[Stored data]
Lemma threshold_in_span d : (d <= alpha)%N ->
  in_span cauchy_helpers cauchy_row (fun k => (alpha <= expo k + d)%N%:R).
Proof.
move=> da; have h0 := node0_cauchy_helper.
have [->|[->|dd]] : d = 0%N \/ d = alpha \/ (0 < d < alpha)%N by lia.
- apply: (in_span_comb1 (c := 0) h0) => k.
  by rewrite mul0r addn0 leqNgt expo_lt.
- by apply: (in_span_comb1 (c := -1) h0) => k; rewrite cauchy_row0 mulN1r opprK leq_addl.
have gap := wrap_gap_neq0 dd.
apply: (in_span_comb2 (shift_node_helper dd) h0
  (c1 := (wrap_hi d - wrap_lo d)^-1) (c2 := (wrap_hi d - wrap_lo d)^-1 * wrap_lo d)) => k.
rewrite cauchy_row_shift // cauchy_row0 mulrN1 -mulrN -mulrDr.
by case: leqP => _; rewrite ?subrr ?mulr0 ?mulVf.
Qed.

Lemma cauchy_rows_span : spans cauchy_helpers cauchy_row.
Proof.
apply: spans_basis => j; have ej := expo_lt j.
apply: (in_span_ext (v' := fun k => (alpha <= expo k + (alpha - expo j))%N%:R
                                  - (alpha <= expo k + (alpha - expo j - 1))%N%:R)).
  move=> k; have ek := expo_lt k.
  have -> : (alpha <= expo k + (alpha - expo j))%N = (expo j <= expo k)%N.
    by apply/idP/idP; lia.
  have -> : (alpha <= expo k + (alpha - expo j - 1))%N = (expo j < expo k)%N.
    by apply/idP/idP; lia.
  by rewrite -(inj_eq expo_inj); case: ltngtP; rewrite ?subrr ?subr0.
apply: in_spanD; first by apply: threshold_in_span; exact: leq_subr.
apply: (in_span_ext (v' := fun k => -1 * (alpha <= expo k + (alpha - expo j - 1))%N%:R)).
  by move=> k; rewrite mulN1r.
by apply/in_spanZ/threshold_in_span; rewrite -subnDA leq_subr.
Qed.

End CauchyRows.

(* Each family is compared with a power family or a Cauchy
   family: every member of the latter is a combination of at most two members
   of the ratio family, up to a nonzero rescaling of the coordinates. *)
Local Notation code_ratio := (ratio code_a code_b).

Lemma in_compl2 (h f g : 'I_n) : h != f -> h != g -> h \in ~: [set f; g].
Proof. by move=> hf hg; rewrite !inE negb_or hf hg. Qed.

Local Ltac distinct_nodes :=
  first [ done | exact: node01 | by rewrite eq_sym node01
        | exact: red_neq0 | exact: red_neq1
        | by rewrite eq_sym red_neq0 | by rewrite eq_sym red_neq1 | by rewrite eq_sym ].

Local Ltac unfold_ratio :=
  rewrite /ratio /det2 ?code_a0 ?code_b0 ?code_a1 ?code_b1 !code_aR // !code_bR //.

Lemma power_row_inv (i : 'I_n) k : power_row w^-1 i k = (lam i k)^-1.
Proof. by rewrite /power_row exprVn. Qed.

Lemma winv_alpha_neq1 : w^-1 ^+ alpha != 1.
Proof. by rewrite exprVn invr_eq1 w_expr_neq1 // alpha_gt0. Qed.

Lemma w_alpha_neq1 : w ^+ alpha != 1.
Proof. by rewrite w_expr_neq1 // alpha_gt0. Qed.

--

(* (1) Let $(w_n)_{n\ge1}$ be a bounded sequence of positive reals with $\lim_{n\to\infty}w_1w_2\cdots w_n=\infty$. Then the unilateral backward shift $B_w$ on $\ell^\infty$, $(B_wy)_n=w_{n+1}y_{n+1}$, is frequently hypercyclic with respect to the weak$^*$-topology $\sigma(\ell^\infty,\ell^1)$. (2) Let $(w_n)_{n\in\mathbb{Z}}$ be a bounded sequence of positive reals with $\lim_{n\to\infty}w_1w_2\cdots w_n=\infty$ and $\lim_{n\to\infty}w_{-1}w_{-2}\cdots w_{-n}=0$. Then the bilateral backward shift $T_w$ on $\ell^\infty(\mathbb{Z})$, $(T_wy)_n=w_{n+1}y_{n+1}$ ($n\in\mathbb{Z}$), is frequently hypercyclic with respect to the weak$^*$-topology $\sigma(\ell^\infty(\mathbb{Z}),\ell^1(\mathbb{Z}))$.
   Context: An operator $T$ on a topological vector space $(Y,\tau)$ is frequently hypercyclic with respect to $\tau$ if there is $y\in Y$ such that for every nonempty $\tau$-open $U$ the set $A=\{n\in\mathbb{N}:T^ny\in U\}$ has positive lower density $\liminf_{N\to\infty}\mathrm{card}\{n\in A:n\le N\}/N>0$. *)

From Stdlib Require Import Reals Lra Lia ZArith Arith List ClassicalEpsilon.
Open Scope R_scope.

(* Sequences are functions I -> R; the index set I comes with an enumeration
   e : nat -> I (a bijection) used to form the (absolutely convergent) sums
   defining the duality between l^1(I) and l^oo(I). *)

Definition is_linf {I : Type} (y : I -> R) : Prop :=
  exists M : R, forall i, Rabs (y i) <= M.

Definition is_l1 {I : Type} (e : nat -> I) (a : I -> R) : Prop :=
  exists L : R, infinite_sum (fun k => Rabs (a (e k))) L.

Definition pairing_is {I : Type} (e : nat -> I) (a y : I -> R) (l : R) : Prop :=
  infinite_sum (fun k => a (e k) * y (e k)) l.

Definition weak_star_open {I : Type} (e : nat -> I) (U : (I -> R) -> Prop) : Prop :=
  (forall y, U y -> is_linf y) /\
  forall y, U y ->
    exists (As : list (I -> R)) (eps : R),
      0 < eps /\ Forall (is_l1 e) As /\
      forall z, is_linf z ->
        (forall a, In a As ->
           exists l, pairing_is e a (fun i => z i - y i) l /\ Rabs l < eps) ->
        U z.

* * *

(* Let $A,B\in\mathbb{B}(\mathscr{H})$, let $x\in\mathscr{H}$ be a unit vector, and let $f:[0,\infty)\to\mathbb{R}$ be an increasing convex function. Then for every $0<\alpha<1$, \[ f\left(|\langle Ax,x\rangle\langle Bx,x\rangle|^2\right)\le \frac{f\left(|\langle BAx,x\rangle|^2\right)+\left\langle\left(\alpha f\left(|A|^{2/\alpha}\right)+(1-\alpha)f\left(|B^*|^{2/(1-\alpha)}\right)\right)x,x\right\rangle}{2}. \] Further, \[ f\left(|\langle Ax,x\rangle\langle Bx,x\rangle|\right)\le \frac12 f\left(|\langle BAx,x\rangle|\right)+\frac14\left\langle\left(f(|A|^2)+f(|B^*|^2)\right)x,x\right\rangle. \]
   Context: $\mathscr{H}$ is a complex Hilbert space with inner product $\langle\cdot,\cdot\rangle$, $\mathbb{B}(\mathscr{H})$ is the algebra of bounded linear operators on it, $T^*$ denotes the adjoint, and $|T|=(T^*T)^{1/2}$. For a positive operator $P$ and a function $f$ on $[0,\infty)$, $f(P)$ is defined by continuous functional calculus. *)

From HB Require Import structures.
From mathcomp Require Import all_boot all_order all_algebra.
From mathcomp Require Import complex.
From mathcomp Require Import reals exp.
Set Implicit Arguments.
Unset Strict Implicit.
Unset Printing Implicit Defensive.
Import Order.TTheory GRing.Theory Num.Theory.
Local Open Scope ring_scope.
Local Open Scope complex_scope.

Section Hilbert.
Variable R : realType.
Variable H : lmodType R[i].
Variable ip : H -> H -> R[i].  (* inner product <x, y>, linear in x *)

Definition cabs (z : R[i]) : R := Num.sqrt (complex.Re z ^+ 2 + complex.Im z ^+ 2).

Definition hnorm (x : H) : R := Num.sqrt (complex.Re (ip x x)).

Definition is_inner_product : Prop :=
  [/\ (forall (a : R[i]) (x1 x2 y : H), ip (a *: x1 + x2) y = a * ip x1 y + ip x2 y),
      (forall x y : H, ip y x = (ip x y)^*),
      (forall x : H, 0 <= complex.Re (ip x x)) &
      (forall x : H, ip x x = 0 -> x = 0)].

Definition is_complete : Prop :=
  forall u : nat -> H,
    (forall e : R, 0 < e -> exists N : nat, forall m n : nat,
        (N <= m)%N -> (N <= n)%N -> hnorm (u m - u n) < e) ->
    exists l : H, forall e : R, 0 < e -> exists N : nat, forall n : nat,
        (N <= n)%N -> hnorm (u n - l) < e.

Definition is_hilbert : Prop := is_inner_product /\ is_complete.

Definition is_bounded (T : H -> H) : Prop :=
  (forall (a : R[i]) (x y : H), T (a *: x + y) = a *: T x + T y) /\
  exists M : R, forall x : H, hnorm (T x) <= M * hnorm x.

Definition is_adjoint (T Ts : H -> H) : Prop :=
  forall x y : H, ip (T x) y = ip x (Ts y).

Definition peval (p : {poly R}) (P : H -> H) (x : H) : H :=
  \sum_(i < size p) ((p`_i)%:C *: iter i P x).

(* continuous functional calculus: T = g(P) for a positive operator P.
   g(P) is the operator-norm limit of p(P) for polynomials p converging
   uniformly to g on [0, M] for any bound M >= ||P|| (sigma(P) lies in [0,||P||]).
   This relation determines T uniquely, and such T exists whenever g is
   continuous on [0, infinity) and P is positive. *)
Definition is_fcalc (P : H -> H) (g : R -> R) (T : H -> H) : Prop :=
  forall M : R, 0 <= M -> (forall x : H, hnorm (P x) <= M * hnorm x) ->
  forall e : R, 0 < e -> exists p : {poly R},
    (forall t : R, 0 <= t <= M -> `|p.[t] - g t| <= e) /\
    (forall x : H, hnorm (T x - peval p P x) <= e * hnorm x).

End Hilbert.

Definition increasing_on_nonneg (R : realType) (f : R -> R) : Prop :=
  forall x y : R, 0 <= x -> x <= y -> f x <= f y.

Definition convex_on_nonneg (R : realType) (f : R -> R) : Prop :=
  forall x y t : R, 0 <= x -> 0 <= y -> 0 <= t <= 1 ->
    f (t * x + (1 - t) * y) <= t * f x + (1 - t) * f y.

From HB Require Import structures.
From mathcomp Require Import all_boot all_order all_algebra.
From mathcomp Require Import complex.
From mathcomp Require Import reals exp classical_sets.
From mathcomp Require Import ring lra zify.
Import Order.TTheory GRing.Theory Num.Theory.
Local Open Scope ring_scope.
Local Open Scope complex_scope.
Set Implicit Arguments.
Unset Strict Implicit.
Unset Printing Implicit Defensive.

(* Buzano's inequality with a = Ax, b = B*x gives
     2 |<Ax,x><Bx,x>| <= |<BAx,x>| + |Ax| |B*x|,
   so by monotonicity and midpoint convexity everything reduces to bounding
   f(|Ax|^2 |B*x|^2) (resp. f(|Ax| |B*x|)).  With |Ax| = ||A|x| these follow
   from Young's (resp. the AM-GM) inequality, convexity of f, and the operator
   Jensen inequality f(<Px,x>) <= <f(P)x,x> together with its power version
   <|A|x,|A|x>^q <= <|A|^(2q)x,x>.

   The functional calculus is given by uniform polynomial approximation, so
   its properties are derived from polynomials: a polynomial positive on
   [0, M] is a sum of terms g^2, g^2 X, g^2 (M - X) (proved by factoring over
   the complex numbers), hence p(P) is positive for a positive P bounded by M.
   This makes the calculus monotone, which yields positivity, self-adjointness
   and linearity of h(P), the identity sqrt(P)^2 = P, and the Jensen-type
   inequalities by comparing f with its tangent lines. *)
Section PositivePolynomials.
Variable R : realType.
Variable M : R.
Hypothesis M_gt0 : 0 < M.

_Exercise details_.
Reproduce, exactly as they stand in the data above, the lines from the one that holds "family: every member" to the one that holds "Local Ltac unfold_ratio", inclusive.

_Exercise output_.
   family: every member of the latter is a combination of at most two members
   of the ratio family, up to a nonzero rescaling of the coordinates. *)
Local Notation code_ratio := (ratio code_a code_b).

Lemma in_compl2 (h f g : 'I_n) : h != f -> h != g -> h \in ~: [set f; g].
Proof. by move=> hf hg; rewrite !inE negb_or hf hg. Qed.

Local Ltac distinct_nodes :=
  first [ done | exact: node01 | by rewrite eq_sym node01
        | exact: red_neq0 | exact: red_neq1
        | by rewrite eq_sym red_neq0 | by rewrite eq_sym red_neq1 | by rewrite eq_sym ].

Local Ltac unfold_ratio :=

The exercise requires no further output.